McCarthyism was more than just McCarthy



'McCarthy gave his name to an age, but there was far more to McCarthyism than McCarthy'
Do you agree?

McCarthy may have given his name to an era but there was much more to McCarthyism than
just one man. In this essay the argument will be that there were many factors leading up
to the McCarthy era both internal and external and that McCarthy found a platform in
anticommunist fear, as it was popular issue at the time. And his fall from grace in 1954
may also be attributed to both internal and external factors that appeared to alleviate
the anticommunist threat.


Today we call it the McCarthy era. While convenient, the tribute is not without reason.
McCarthy’s villainy was so plain that his name became a curse in the year of his control.
Characterised as ‘crass and unprincipled, an unimaginative opportunist, and a distinctly
second rate politician’, McCarthy was also a ‘shrewd judge of public attitudes and temper’
. This blend made him an overpowering enemy. Elected into the senate in 1946 McCarthy was
almost invisible on the public scene until 9 February 1950 . It was then in Wheeling, West
Virginia, that he stumbled upon his cause. But the elements of McCarthyism were hardly
McCarthy’s alone, nor did they diminish after his fall. Joe McCarthy was just one, and not
the brightest, of the many inquisitors of the time. He was not a resourceful as his friend
J. Edgar Hoover . While McCarthy made the notion of security risks in the federal
bureaucracy a national obsession from 1950 to 1954, the foundations were well layed before
his arrival and stemmed back to 1945 and the end of the Second World War. However even
before the war had ended the ruminations of anticommunism had begun with the introduction
of the Smith Act which prohibited the teaching or advocating the overthrow of the
government .

Also before the end of the war the Federal Bureau of Investigations (FBI) were confronting
people who worked in the state department with their political believes before the war.
One such case involved Josephine Herbst, who in 1932 had broadcast on behalf of the
Spanish Loyalist and had signed a petition in 1932 'protesting the violation of civil
liberties in Detriot' and had wrote an article for the New Masses on Cuba. Due to these
FBI investigations Herbst was dismissed from her job with the German section of the US
propaganda agency with no explanation . The fear that hung over America during this age
had begun without the introduction of Joe McCarthy.
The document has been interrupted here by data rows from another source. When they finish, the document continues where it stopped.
Lemma dominant_unitmx : (2 < p)%N -> M \in unitmx.
Proof.
move=> p_gt2; rewrite unitmxE unitfE; apply/negP => /det0P [v /negP v_neq0 vM0].
apply: v_neq0; apply/eqP/rowP => i; rewrite mxE.
have Mv0 j : \sum_k M j k * v 0 k = 0.
  transitivity ((v *m M) 0 j); last by rewrite vM0 mxE.
  by rewrite mxE; apply: eq_bigr => k _; rewrite M_symE mulrC.
have := dominant_qform_ge (fun k => v 0 k).
rewrite [X in _ <= X]big1 => [|j _]; last by rewrite Mv0 mulr0.
have coef_gt0 : 0 < a * (p%:R - 2) by rewrite mulr_gt0 // subr_gt0 ltr_nat.
rewrite pmulr_rle0 // => Q_le0.
have Q0 : \sum_k v 0 k ^+ 2 = 0.
  by apply/eqP; rewrite eq_le Q_le0 sumr_ge0 // => k _; exact: sqr_ge0.
apply/eqP; rewrite -sqrf_eq0; apply/eqP.
exact: (psumr_eq0P (fun k _ => sqr_ge0 (v 0 k)) Q0).
Qed.

Section Solutions.
Variables (C d : R).
Hypothesis a_le_C : a <= C.
Hypothesis M_offdiag_le : forall i k, i != k -> M i k <= C.
Hypothesis M_diag_ge : forall i, d * a <= M i i.
Hypothesis p_ge4 : (4 <= p)%N.

Lemma solution_sum_norm_le (y w : 'I_p -> R) :
  (forall i, `|w i| <= C) -> (forall i, \sum_k M i k * y k = w i) ->
  a * \sum_i `|y i| <= 2 * C.
Proof.
move=> w_le My.
have qform_le : \sum_i y i * \sum_k M i k * y k <= C * \sum_i `|y i|.
  rewrite big_distrr /=; apply: ler_sum => i _; rewrite My.
  by rewrite (le_trans (ler_norm _)) // normrM mulrC ler_wpM2r.
have p4 : 4%:R <= p%:R :> R by rewrite ler_nat.
have k_gt0 : 0 < a * (p%:R - 2).
  by rewrite mulr_gt0 // subr_gt0 (lt_le_trans _ p4) ?ltr_nat.
have := sum_norm_le_of_sum_sqr k_gt0 (le_trans (ltW a_gt0) a_le_C)
  (le_trans (dominant_qform_ge y) qform_le).
have p2_gt0 : 0 < p%:R - 2 :> R by lra.
move=> h; rewrite -(ler_pM2r p2_gt0) (le_trans (_ : _ <= p%:R * C)) //.
  by rewrite mulrAC.
rewrite -subr_ge0 (_ : _ - _ = C * (p%:R - 4)); last by ring.
by rewrite mulr_ge0 ?subr_ge0 // (le_trans (ltW a_gt0)).
Qed.

Lemma solution_norm_le (y w : 'I_p -> R) :
  (forall i, `|w i| <= C) -> (forall i, \sum_k M i k * y k = w i) ->
  forall i, d * a ^+ 2 * `|y i| <= 3 * C ^+ 2.
Proof.
move=> w_le My i.
have C_ge0 : 0 <= C := le_trans (ltW a_gt0) a_le_C.
have M_ge0 k : k != i -> 0 <= M i k.
  by move=> ki; rewrite (le_trans (ltW a_gt0)) // M_offdiag_ge // eq_sym.
have offdiag_le : `|\sum_(k | k != i) M i k * y k| <= C * \sum_k `|y k|.
  rewrite (le_trans (ler_norm_sum _ _ _)) // big_distrr /=.
  rewrite [X in _ <= X](bigD1 i) //= ler_wpDl ?mulr_ge0 //.
  apply: ler_sum => k ki; rewrite normrM ler_wpM2r // ger0_norm ?M_ge0 //.
  by rewrite M_offdiag_le // eq_sym.
have diag_le : M i i * `|y i| <= C + C * \sum_k `|y k|.
  have -> : M i i * `|y i| = `|w i - \sum_(k | k != i) M i k * y k|.
    rewrite -My (bigD1 i) //= addrK normrM ger0_norm //.
    by apply: le_trans (M_dominant i); apply: sumr_ge0.
  exact: le_trans (ler_normB _ _) (lerD (w_le i) offdiag_le).
have := ler_wpM2l (ltW a_gt0)
  (le_trans (ler_wpM2r (normr_ge0 _) (M_diag_ge i)) diag_le).
have := ler_wpM2l C_ge0 (solution_sum_norm_le w_le My).
have := ler_wpM2l C_ge0 a_le_C.
lra.
Qed.

Lemma invmx_mul_norm_le q (W : 'M[R]_(p, q)) :
  (forall i l, `|W i l| <= C) ->
  forall i l, d * a ^+ 2 * `|(invmx M *m W) i l| <= 3 * C ^+ 2.
Proof.
move=> W_le i l.
apply: (solution_norm_le (y := fun k => (invmx M *m W) k l) (w := fun k => W k l)).
  by move=> k; exact: W_le.
move=> j.
have M_unit : M \in unitmx by apply: dominant_unitmx; apply: leq_trans p_ge4.
by rewrite -[in RHS](mulKVmx M_unit W) mxE.
Qed.

End Solutions.

End DiagonallyDominant.

Section BlockInverse.
Variables (R : comUnitRingType) (r m : nat) (M : 'M[R]_(r + m)).
Hypotheses (M_unit : M \in unitmx) (A_unit : drsubmx M \in unitmx).
Local Notation X := (invmx M).
Local Notation A := (drsubmx M).

Let mulmxV_right_col :
  ulsubmx M *m ursubmx X + ursubmx M *m drsubmx X = 0 /\
  dlsubmx M *m ursubmx X + A *m drsubmx X = 1%:M.
Proof.
have := mulmxV M_unit.
rewrite -{1}[M]submxK -{1}[X]submxK mulmx_block scalar_mx_block.
by case/eq_block_mx.
Qed.

Lemma mul_col_invmx_drsub :
  M *m col_mx (ursubmx X) (drsubmx X - invmx A) =
  col_mx (- (ursubmx M *m invmx A)) 0.
Proof.
have [top bottom] := mulmxV_right_col.
rewrite -{1}[M]submxK mul_block_col !mulmxBr !addrA top bottom.
by rewrite mulmxV // add0r subrr.
Qed.

Lemma drsubmx_invmx_sub :
  drsubmx X - invmx A = - (invmx A *m dlsubmx M *m ursubmx X).
Proof.
have [_ bottom] := mulmxV_right_col.
have -> : drsubmx X = invmx A *m (1%:M - dlsubmx M *m ursubmx X).
  by rewrite -bottom [_ + A *m _]addrC addrK mulKmx.
by rewrite mulmxBr mulmx1 mulmxA addrAC subrr add0r.
Qed.
End BlockInverse.

Lemma drsubmxE (T : Type) r m (M : 'M[T]_(r + m)) i k :
  drsubmx M i k = M (rshift r i) (rshift r k).
Proof. by rewrite !mxE. Qed.

Lemma dlsubmxE (T : Type) r m (M : 'M[T]_(r + m)) i l :
  dlsubmx M i l = M (rshift r i) (lshift m l).
Proof. by rewrite !mxE. Qed.

Lemma drsubmx_dominant (R : realFieldType) r m (M : 'M[R]_(r + m)) :
  (forall i k, i != k -> 0 <= M i k) ->
  (forall i, \sum_(k | k != i) M i k <= M i i) ->
  forall i, \sum_(k | k != i) drsubmx M i k <= drsubmx M i i.
Proof.
move=> M_ge0 M_dom i; rewrite drsubmxE; apply: le_trans (M_dom (rshift r i)).
have -> : \sum_(k | k != i) drsubmx M i k =
          \sum_(k | rshift r k != rshift r i) M (rshift r i) (rshift r k).
  by apply: eq_big => [k | k _]; rewrite ?eq_rshift // drsubmxE.
rewrite big_split_ord /= lerDr.
by apply: sumr_ge0 => l _; rewrite M_ge0 // eq_rlshift.
Qed.

Lemma sqrD1_div_ge4 (R : realFieldType) (e : R) : 0 < e -> 4 <= (1 + e) ^+ 2 / e.
Proof. by move=> e_gt0; rewrite ler_pdivlMr //; have := sqr_ge0 (1 - e); nra. Qed.

Lemma bm_rate_le (R : realFieldType) (r b c x : R) :
  0 <= r -> 0 < c -> c <= b -> 4 <= x ->
  3 * b ^+ 2 / (c ^+ 2 * (x - 1)) *
    (r * (3 * b ^+ 2 / (c ^+ 2 * (x - 1))) / (b^-1 * (x - 2)))
  <= 72 * r * (b ^+ 6 / (x ^+ 3 * c ^+ 5)).
Proof.
move=> r_ge0 c_gt0 c_le_b x_ge4; set y := 3 * b ^+ 2 / _.
have b_gt0 : 0 < b := lt_le_trans c_gt0 c_le_b.
have x_gt0 : 0 < x by lra.
have x1_gt0 : 0 < x - 1 by lra.
have x2_gt0 : 0 < x - 2 by lra.
have cube_le : x ^+ 3 <= 8 * ((x - 1) ^+ 2 * (x - 2)).
  rewrite -subr_ge0.
  have -> : 8 * ((x - 1) ^+ 2 * (x - 2)) - x ^+ 3 =
            (x - 4) ^+ 3 * 7 + (x - 4) ^+ 2 * 52 + (x - 4) * 120 + 80 by ring.
  have t_ge0 : 0 <= x - 4 by rewrite subr_ge0.
  by rewrite !addr_ge0 ?mulr_ge0 ?exprn_ge0.
have K_ge0 : 0 <= 9 * r * b ^+ 5 / c ^+ 5.
  by rewrite divr_ge0 ?mulr_ge0 ?(ltW b_gt0) ?(ltW c_gt0).
rewrite (_ : y * _ = 9 * r * b ^+ 5 / c ^+ 5 * (c / ((x - 1) ^+ 2 * (x - 2))));
  last by rewrite /y; field; rewrite !gt_eqF.
rewrite (_ : 72 * r * _ = 9 * r * b ^+ 5 / c ^+ 5 * (8 * b / x ^+ 3));
  last by field; rewrite !gt_eqF.
rewrite ler_wpM2l // ler_pdivrMr ?mulr_gt0 ?exprn_gt0 //.
rewrite mulrAC ler_pdivlMr ?exprn_gt0 //.
by rewrite [8 * b]mulrC -mulrA ler_pM ?exprn_ge0 ?(ltW c_gt0) ?(ltW x_gt0).
Qed.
One of the internal factors which paved the way for McCarthy's anticommunist crusade was
the introduction of the Truman doctrine on 12 March 1947 which proclaimed in presidential
request for aid to Greece and Turkey which set aside Americas previous closed door
mentality to world politics. Nine days later Executive Order 9835 was developed. This
order created loyalty security programs for federal employees. This may have been one
reason why McCarthy chose to campaign on the slogan Communists-in -Government and deal
particularly with the State Department.

Another instance of strong anticommunism before the emergence of McCarthy was the
Hollywood Ten trials, which began on 27 October 1947. The House of Un-American Activities
Committee's (HUAC) arraignment of the Hollywood left memorably dramatised the
anticommunist decade . The Committee issued subpoenas to those who worked in the film
industry that they knew had a radical background. Whether it be a part or production or
attending a rally run by the communist party or funded by the Communist Party of America
(CPUSA). However the dramatic tension lay in whether the accused would name friends,
colleagues and associates. The thrill could be felt either way, when Lillian Hellman
refused to name names or when Eliza Kazan did .
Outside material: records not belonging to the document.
Lemma alpha_inj (i j : 'I_n) : alpha i = alpha j -> i = j.
Proof.
move=> e; apply/val_inj/eqP/negPn/negP => ij.
have := congr1 (dot (eps i)) e; rewrite /alpha.
case: ifP; case: ifP => _ _; rewrite ?(dotBr, dotZr) !dot_eps // eqxx (negbTE ij).
all: rewrite ?(ltn_eqF (ltnSn i)) /=; by [lra | case: (_ == _) => /=; lra].
Qed.

Definition rho : vec := \row_(t < n) (n - t)%:R.

Lemma dot_eps_rho a : (a < n)%N -> dot (eps a) rho = (n - a)%:R.
Proof. by move=> ha; rewrite dot_epsl mxE. Qed.

Lemma pos_root_rho v : pos_root v -> 0 < dot v rho.
Proof.
case=> [[i [j [ij [->|->]]]]|[i ->]].
- by rewrite dotBl !dot_eps_rho // subr_gt0 ltr_nat ltn_sub2l.
- by rewrite dotDl !dot_eps_rho // addr_gt0 // ltr0n subn_gt0.
- by rewrite dotZl dot_eps_rho // mulr_gt0 // ltr0n subn_gt0.
Qed.

Lemma neg_simple_rho (i : 'I_n) : dot (- alpha i) rho < 0.
Proof.
have hi := ltn_ord i; rewrite dotNl oppr_lt0 /alpha; case: ifP => hi1.
  by rewrite dotBl !dot_eps_rho // subr_gt0 ltr_nat; lia.
by rewrite dotZl dot_eps_rho // mulr_gt0 // ltr0n; lia.
Qed.

Lemma pos_root_neq_neg_simple (i : 'I_n) v : pos_root v -> v != - alpha i.
Proof.
move=> /pos_root_rho v_pos; apply/eqP => e.
by have := neg_simple_rho i; rewrite -e; lra.
Qed.

Lemma pos_root_eps_sub a b : (a < b)%N -> (b < n)%N -> pos_root (eps a - eps b).
Proof.
move=> ab hb; have ha := ltn_trans ab hb.
by left; exists (Ordinal ha), (Ordinal hb); split => //; left.
Qed.

Lemma pos_root_eps_add a b : (a <= b)%N -> (b < n)%N -> pos_root (eps a + eps b).
Proof.
move=> ab hb; have ha := leq_ltn_trans ab hb.
case: (ltngtP a b) ab => // [ab|<-] _.
  by left; exists (Ordinal ha), (Ordinal hb); split => //; right.
by right; exists (Ordinal ha); rewrite scaler_nat mulr2n.
Qed.

Lemma tau_neg_simple (i : 'I_n) : tau (- alpha i) = tau_neg_img i.
Proof.
rewrite /tau; case: pickP => [k /eqP /oppr_inj /alpha_inj -> // | none].
by have := none i; rewrite eqxx.
Qed.

Lemma tau_pre_neg_root (i : 'I_n) : tau (tau_pre_neg i) = - alpha i.
Proof.
have hi := ltn_ord i.
have pos : pos_root (tau_pre_neg i).
  by rewrite tau_pre_neg_eps; apply: pos_root_eps_add; lia.
rewrite /tau; case: pickP => [k /eqP e | _].
  by have := pos_root_neq_neg_simple k pos; rewrite e eqxx.
case: pickP => [k /eqP | none]; last by have := none i; rewrite eqxx.
by rewrite !tau_pre_neg_eps => /addIr /(eps_inj hi) /val_inj ->.
Qed.

Lemma tau_pos_root v : pos_root v -> (forall i : 'I_n, v != tau_pre_neg i) ->
  tau v = cox v.
Proof.
move=> pv not_pre; rewrite /tau.
case: pickP => [k /eqP e | _].
  by have := pos_root_neq_neg_simple k pv; rewrite e eqxx.
by case: pickP => [k /eqP e | _] //; have := not_pre k; rewrite e eqxx.
Qed.

(* tau^m (- alpha j), see [tau_orbit_root]. *)
Definition orbit_root (j m : nat) : vec :=
  let p := (m %% n.+1)%N in
  if p == 0%N then - alpha j
  else if (p + j < n)%N then eps p.-1 - eps (j + p)%N
  else eps (p + j - n)%N + eps p.-1.

Lemma orbit_root_period j : orbit_root j n.+1 = - alpha j.
Proof. by rewrite /orbit_root modnn. Qed.

Lemma orbit_root_pos j m : (j < n)%N -> (m %% n.+1 != 0)%N -> pos_root (orbit_root j m).
Proof.
move=> hj; have := ltn_pmod m (ltn0Sn n); rewrite /orbit_root /=.
set p := (m %% n.+1)%N => hp p0; rewrite (negbTE p0).
by case: ifP => hpj; [apply: pos_root_eps_sub | apply: pos_root_eps_add]; lia.
Qed.

Lemma orbit_root_ap j m : (j < n)%N -> ap_root (orbit_root j m).
Proof.
move=> hj; case: (eqVneq (m %% n.+1)%N 0) => m0; last by left; apply: orbit_root_pos.
by right; exists (Ordinal hj); rewrite /orbit_root /= m0.
Qed.

Lemma orbit_root_neq_pre_neg j m (i : 'I_n) : (j < n)%N ->
  (0 < m %% n.+1 < n)%N -> orbit_root j m != tau_pre_neg i.
Proof.
move=> hj; rewrite /orbit_root /=; set p := (m %% n.+1)%N => /andP[p0 pn].
have hn : (n.-1 < n)%N by lia.
have p1 : (n.-1 == p.-1) = false by apply/eqP; lia.
(* The last coordinate of the left side is at most 0, that of the right side at least 1. *)
apply/eqP => /(congr1 (dot (eps n.-1))); rewrite tau_pre_neg_eps (gtn_eqF p0) dotDr.
case: ifP => hpj; rewrite ?(dotBr, dotDr) !dot_eps // eqxx p1 /=.
  by case: (_ == _); case: (_ == _) => /=; lra.
rewrite (_ : (n.-1 == p + j - n)%N = false) /=; last by apply/eqP; lia.
by case: (_ == _) => /=; lra.
Qed.

Lemma cox_orbit_root j m : (j < n)%N -> (0 < m %% n.+1 < n)%N ->
  cox (orbit_root j m) = orbit_root j m.+1.
Proof.
move=> hj; rewrite /orbit_root /= modn_succ; set p := (m %% n.+1)%N => /andP[p0 pn].
rewrite (gtn_eqF p0) (ltn_eqF pn) /=.
case: ifP => hpj.
  rewrite coxB !cox_eps; try lia.
  rewrite prednK // pn.
  have -> : (p.+1 + j = (j + p).+1)%N by lia.
  case: ifP => _; first by rewrite addnS.
  have -> : ((j + p).+1 - n = 0)%N by lia.
  by rewrite opprK addrC.
rewrite coxD !cox_eps; try lia.
rewrite prednK // pn ifT ?ifF; try lia.
by congr (eps _ + _); lia.
Qed.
The climax of this drama was the moment of self-cleansing avowal or purging oneself, by
naming names to the committee. To name was to be exculpated to refuse was to prove oneself
guilty. And to take the Fifth Amendment, the right to silence under grounds of
self-incrimination, was to deepen the miasma of suspicion around you .

When HUAC cited ten Hollywood writers and directors with contempt of congress for taking
the Fifth Amendment the Hollywood Ten trials had begun. The daily media were outspoken in
their criticism of the Committee's purpose and methods of holding these ten men in
contempt. About a week later a cold war congress voted overwhelmingly to uphold the
contempt citations . The Hollywood ten included Ring Lardner Jr, Albert Maltz, Lester
Cole, Adrian Scott, Herbert Biberman, Dalton Trumbo, John Howard Lawson, Alvah Bessie,
Samual Ornitz and Edward Dmytryk. They served prison terms of up to one year for refusing
to name communists and for their political beliefs.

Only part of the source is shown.